Rada called in the Colorado School of Public Health to examine whether lots of new drilling within a neighborhood might hurt people's health. To make their conclusions, the researchers were supposed to use existing studies, such as the county's monitoring data, and whatever other science they could find.
A draft assessment by the school predicted small increases in risks of cancer, headaches and lung ailments.
"We've done the only study, essentially, that's looked at the health impacts," says John Adgate, who chairs the Colorado School of Public Health. "One of the issues here is that everyone has to agree on what the rules are, i.e., they have to agree to cooperate."
But instead, everyone agrees, politics took over.
People who live near gas wells held up the researchers' work to attack the industry in lawsuits and in the media. And gas companies fought back.
"Both sides were fighting," recalls John Martin, a longtime county commissioner. "They wanted to use this document in both arguments — that it didn't hurt anything and that it killed everyone."
David Ludlam, executive director of the regional industry trade, West Slope Colorado Oil and Gas Association, had frequent conversations with the county commissioners. Ludlam said the researchers were jumping to conclusions by making predictions about health with such a small pool of data.
"The pen you use to create the dotted lines has to have integrity, and we didn't feel that the data that was used did," Ludlam says. "They used what we believe was questionable data, at best. You can't make assumptions about health impacts if you don't have the data to support it."
Adgate stood by his group's work, which has received positive reviews from public health experts around the country.
But Garfield County commissioners felt the situation was getting out of control. Martin says it became a political football for opponents and supporters of drilling. "We said enough is enough, people."
A Polarizing Question
In May of last year, the commissioners gathered for a meeting and voted to end a contract with the Colorado School of Public Health. Tresi Houpt, who had lost her re-election and wasn't part of the vote, saw her years of work unraveling.
"I was stunned," she said. "I was absolutely stunned." All that momentum the county had built up came to a screeching halt. The Colorado School of Public Health and the county tried two more times to fill research gaps, but both of those efforts failed.
And the regional industry group wasn't interested in continuing to work with the Colorado School of Public Health.

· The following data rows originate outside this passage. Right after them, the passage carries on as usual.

Definition qa_code2 (S : finComUnitRingType) (gT : finGroupType)
  (C : {set pair_ga S gT}) : Prop :=
  [/\ (0 : pair_ga S gT) \in C,
      (forall x y, x \in C -> y \in C -> x + y \in C)
    & (forall (u : {ffun gT -> S}) x, x \in C -> (gmul u x.1, gmul u x.2) \in C)].

Definition herm_dual (S : finComUnitRingType) (gT : finGroupType) (sigma : S -> S)
  (C : {set pair_ga S gT}) : {set pair_ga S gT} :=
  [set x | [forall y in C, herm sigma x y == 0]].

Definition herm_LCD (S : finComUnitRingType) (gT : finGroupType) (sigma : S -> S)
  (C : {set pair_ga S gT}) : Prop :=
  C :&: herm_dual sigma C = [set (0 : pair_ga S gT)].

Definition free_rank (S : finComUnitRingType) (gT : finGroupType)
  (C : {set pair_ga S gT}) (k : nat) : Prop :=
  exists b : 'I_k -> pair_ga S gT,
    (forall i, b i \in C) /\
    (forall x, x \in C -> exists! c : {ffun 'I_k -> S},
        x = ([ffun g => \sum_(i < k) c i * (b i).1 g],
             [ffun g => \sum_(i < k) c i * (b i).2 g])).

Definition Ccd (S : finComUnitRingType) (gT : finGroupType)
  (c d : {ffun gT -> S}) : {set pair_ga S gT} :=
  [set (gmul u c, gmul u d) | u : {ffun gT -> S}].

(* The Hermitian form pairs (u, u d) and (v, v d) to the coefficient at 1 of
   u (1 + d sigma^(d)) sigma^(v); as v runs over the group elements this
   recovers every coefficient of u (1 + d sigma^(d)).  So a codeword of
   C_{1,d} orthogonal to C_{1,d} comes from some u with u (1 + d sigma^(d)) = 0.
   An element a of S G whose reduction is invertible is regular: lifting the
   inverse gives a b = 1 + m with m having coefficients in the maximal ideal,
   which is principal (chain ring) and generated by a nilpotent t; so
   u a = 0 gives u = u (-m) with m in t (S G), hence u lies in t^n (S G)
   for every n, and u = 0.  Freeness is clear: the map
   u |-> (u, u d) is injective, and the group elements give a basis. *)

From HB Require Import structures.
From mathcomp Require Import all_boot all_order all_fingroup all_algebra.
Set Implicit Arguments. Unset Strict Implicit. Unset Printing Implicit Defensive.
Import GRing.Theory.
Local Open Scope ring_scope.

Section GroupAlgebra.

Variables (R : pzRingType) (gT : finGroupType).
Implicit Types (a b c : {ffun gT -> R}) (x y : R).

Definition gelem (k : gT) : {ffun gT -> R} := [ffun h => (h == k)%:R].

Definition gscalar x : {ffun gT -> R} := [ffun g => if g == 1%g then x else 0].

Lemma gmulA a b c : gmul (gmul a b) c = gmul a (gmul b c).
Proof.
apply/ffunP => g; rewrite !ffunE.
under eq_bigr => h _ do rewrite ffunE mulr_suml.
rewrite exchange_big /=; apply: eq_bigr => k _.
rewrite ffunE mulr_sumr (reindex_inj (mulgI k)) /=.
by apply: eq_bigr => l _; rewrite mulKg mulrA invMg mulgA.
Qed.

Lemma gmul_scalarl x a : gmul (gscalar x) a = [ffun g => x * a g].
Proof.
apply/ffunP => g; rewrite !ffunE (bigD1 1%g) //= big1 ?ffunE ?eqxx ?invg1 ?mul1g ?addr0 //.
by move=> h /negbTE h1; rewrite ffunE h1 mul0r.
Qed.

Lemma gmul_scalarr x a : gmul a (gscalar x) = [ffun g => a g * x].
Proof.
apply/ffunP => g; rewrite !ffunE (bigD1 g) //= big1 ?ffunE ?mulVg ?eqxx ?addr0 //.
by move=> h hg; rewrite ffunE -eq_mulVg1 (negbTE hg) mulr0.
Qed.

Lemma gmul1r a : gmul (gone R gT) a = a.
Proof. by rewrite gmul_scalarl; apply/ffunP => g; rewrite ffunE mul1r. Qed.

Lemma gmulr1 a : gmul a (gone R gT) = a.
Proof. by rewrite gmul_scalarr; apply/ffunP => g; rewrite ffunE mulr1. Qed.

Lemma gmul0r a : gmul 0 a = 0.
Proof. by apply/ffunP => g; rewrite !ffunE big1 // => h _; rewrite ffunE mul0r. Qed.

Lemma gmulDl a b c : gmul (a + b) c = gmul a c + gmul b c.
Proof.
by apply/ffunP => g; rewrite !ffunE -big_split; apply: eq_bigr => h _; rewrite ffunE mulrDl.
Qed.
(* Super vector spaces: a C-vector space V together with a Z/2-grading
   V = V_0 (+) V_1.  [spar p v] means "v is homogeneous of parity p"
   (0 is homogeneous of both parities). *)
Record superStr (V : lmodType C) := SuperStr {
  spar : bool -> V -> Prop;
  spar_sub : forall p (c : C) (u v : V), spar p u -> spar p v -> spar p (c *: u + v);
  spar0 : forall p, spar p 0;
  spar_disj : forall v, spar false v -> spar true v -> v = 0;
  spar_span : forall v, exists v0 v1, [/\ spar false v0, spar true v1 & v = v0 + v1]
}.

Definition even_linear (V W : lmodType C) (sV : superStr V) (sW : superStr W)
  (g : V -> W) : Prop :=
  (forall (c : C) u v, g (c *: u + v) = c *: g u + g v) /\
  (forall p v, spar sV p v -> spar sW p (g v)).

(* Even bilinear maps V x W -> U; these are exactly (the data of) even linear
   maps V (x) W -> U on the super tensor product, via v (x) w |-> g v w. *)
Definition even_bilinear (V W U : lmodType C)
  (sV : superStr V) (sW : superStr W) (sU : superStr U) (g : V -> W -> U) : Prop :=
  [/\ forall (c : C) v v' w, g (c *: v + v') w = c *: g v w + g v' w,
      forall (c : C) v w w', g v (c *: w + w') = c *: g v w + g v w'
    & forall p q v w, spar sV p v -> spar sW q w -> spar sU (addb p q) (g v w)].

(* The abelian Lie superalgebra h: a nonzero finite-dimensional super vector
   space (with zero bracket) with an even non-degenerate supersymmetric
   bilinear form. *)
Record heisData := HeisData {
  hsp : vectType C;
  hstr : superStr hsp;
  hform : hsp -> hsp -> C;
  hform_linl : forall (c : C) a a' b, hform (c *: a + a') b = c * hform a b + hform a' b;
  hform_linr : forall (c : C) a b b', hform a (c *: b + b') = c * hform a b + hform a b';
  hform_even : forall p q a b, spar hstr p a -> spar hstr q b -> p != q -> hform a b = 0;
  hform_supersym : forall p q a b, spar hstr p a -> spar hstr q b ->
                     hform a b = ksign p q * hform b a;
  hform_nondeg : forall a, (forall b, hform a b = 0) -> a = 0;
  hsp_nonzero : exists a : hsp, a != 0
}.

(* h-modules (h abelian, so the action operators supercommute). *)
Record hmod (H : heisData) := HMod {
  hm_sp : lmodType C;
  hm_str : superStr hm_sp;
  hm_act : hsp H -> hm_sp -> hm_sp;
  hm_act_linl : forall (c : C) a a' v, hm_act (c *: a + a') v = c *: hm_act a v + hm_act a' v;
  hm_act_linr : forall (c : C) a v v', hm_act a (c *: v + v') = c *: hm_act a v + hm_act a v';
  hm_act_par : forall p q a v, spar (hstr H) p a -> spar hm_str q v ->
                 spar hm_str (addb p q) (hm_act a v);
  hm_act_comm : forall p q a b v, spar (hstr H) p a -> spar (hstr H) q b ->
                 hm_act a (hm_act b v) = ksign p q *: hm_act b (hm_act a v)
}.

(* Modules over the Heisenberg Lie superalgebra hat h = h (x) C[t,t^-1] (+) C K
   on which K acts by 1.  [hat_mode a m] is the action of a_m. *)
Record hatmod (H : heisData) := HatMod {
  hat_sp : lmodType C;
  hat_str : superStr hat_sp;
  hat_mode : hsp H -> int -> hat_sp -> hat_sp;
  hat_linl : forall (c : C) a a' m v,
      hat_mode (c *: a + a') m v = c *: hat_mode a m v + hat_mode a' m v;
  hat_linr : forall (c : C) a m v v',
      hat_mode a m (c *: v + v') = c *: hat_mode a m v + hat_mode a m v';
  hat_par : forall p q a m v, spar (hstr H) p a -> spar hat_str q v ->
      spar hat_str (addb p q) (hat_mode a m v);
  hat_comm : forall p q a b (m n : int) v, spar (hstr H) p a -> spar (hstr H) q b ->
      hat_mode a m (hat_mode b n v) - ksign p q *: hat_mode b n (hat_mode a m v)
      = ((m%:~R * hform a b) * (if m + n == 0 then 1 else 0)) *: v
}.

(* Even homomorphisms of (hat h_{>=0} (+) C K)-modules from S (with a_m, m>0,
   acting by 0, a_0 by a, K by 1) to the restriction of a hat h-module N. *)
Definition is_bhom (H : heisData) (S : hmod H) (N : hatmod H)
  (phi : hm_sp S -> hat_sp N) : Prop :=
  [/\ even_linear (hm_str S) (hat_str N) phi,
      forall a s, phi (hm_act a s) = hat_mode a 0 (phi s)
    & forall a (m : int) s, (0 < m)%R -> hat_mode a m (phi s) = 0].

Definition is_hathom (H : heisData) (M N : hatmod H)
  (psi : hat_sp M -> hat_sp N) : Prop :=
  even_linear (hat_str M) (hat_str N) psi /\
  (forall a m v, psi (hat_mode a m v) = hat_mode a m (psi v)).

(* Ind(S) = U(hat h) (x)_{U(hat h_{>=0} (+) C K)} S, given (as usual, up to
   unique isomorphism) by its defining universal property (Frobenius
   reciprocity): a hat h-module Ind(S) with the inclusion S -> Ind(S), such that
   every even module map S -> N (N of level 1) extends uniquely to an even
   hat h-module map Ind(S) -> N. *)
Record induced (H : heisData) (S : hmod H) := Induced {
  ind_mod : hatmod H;
  ind_incl : hm_sp S -> hat_sp ind_mod;
  ind_incl_bhom : is_bhom ind_incl;
  ind_univ : forall (N : hatmod H) (phi : hm_sp S -> hat_sp N), is_bhom phi ->
     exists psi, [/\ is_hathom psi, forall s, psi (ind_incl s) = phi s
       & forall psi', is_hathom psi' -> (forall s, psi' (ind_incl s) = phi s) ->
                      forall v, psi' v = psi v]
}.

(* Even h-intertwiners f : R (x) S -> T (tensor product action
   a (r (x) s) = a r (x) s + (-1)^{|a||r|} r (x) a s), as even bilinear maps. *)
Definition intertwiner (H : heisData) (R S T : hmod H)
  (f : hm_sp R -> hm_sp S -> hm_sp T) : Prop :=
  even_bilinear (hm_str R) (hm_str S) (hm_str T) f /\
  (forall p q a r s, spar (hstr H) p a -> spar (hm_str R) q r ->
     f (hm_act a r) s + ksign p q *: f r (hm_act a s) = hm_act a (f r s)).

(* Currying identifies Q_f with a map Ind(S) -> Hom(R, Ind(T)).  The space
   Hom(R, N) of linear maps into a level-one hat h-module N is itself a
   level-one hat h-module under
     (a_m phi)(r) = (-1)^{|a||r|} (a_m (phi r) - delta_{m,0} phi (a r)),
   and condition (2) says precisely that the curried map is a hat h-module map.
   Condition (1) says it extends s |-> (r |-> f (r (x) s)), which is a map of
   hat h_{>=0}-modules because f intertwines the h-actions.  The universal
   property of Ind(S) then gives existence and uniqueness. *)

From HB Require Import structures.
From mathcomp Require Import all_boot all_algebra.
From mathcomp Require Import complex.
From mathcomp Require Import Rstruct.
From mathcomp Require Import boolp.
From mathcomp Require Import ring.
Import GRing.Theory Num.Theory.
Local Open Scope ring_scope.
Set Implicit Arguments.
Unset Strict Implicit.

"I sent an e-mail indicating that our operators and our organization would be uncomfortable moving forward working with the Colorado School of Public Health," Ludlam recalls, "because things had become so polarized, we didn't think there was a pathway forward."
That was last summer.
Ludlam says the industry is working on a new air pollution study, but with a different research group, Colorado State University's Department of Atmospheric Science. The study will look only at air quality — it won't delve into health. Results are expected in three years.
So, 10 years have passed since Houpt first drove around her county, hearing complaints about air pollution and the gas industry. And Garfield County's 800 gas wells have grown to more than 8,000. People who live near wells — whether they're in Texas, Pennsylvania or Utah — still don't know what they're breathing.
Houpt believes Garfield County's saga shows how politics, industry pressure, technical challenges and the slow pace of science have blocked the search for answers — not just for her community, but for the whole country.
Before we leave Western Colorado, Houpt wants to show us her new focus. We visit her pretty log house on a ski mountain.
She's now trying to stop a gas company from renewing leases to drill on the wooded slope behind her house. Otherwise, she says, "we'll have trucks running up and down this mountain, disturbance on this mountain for 30 years. It's very painful to see."
And all those answers Houpt has been searching for about air quality, she may now need for her own family.
The audio version of this story was produced by Rebecca Davis.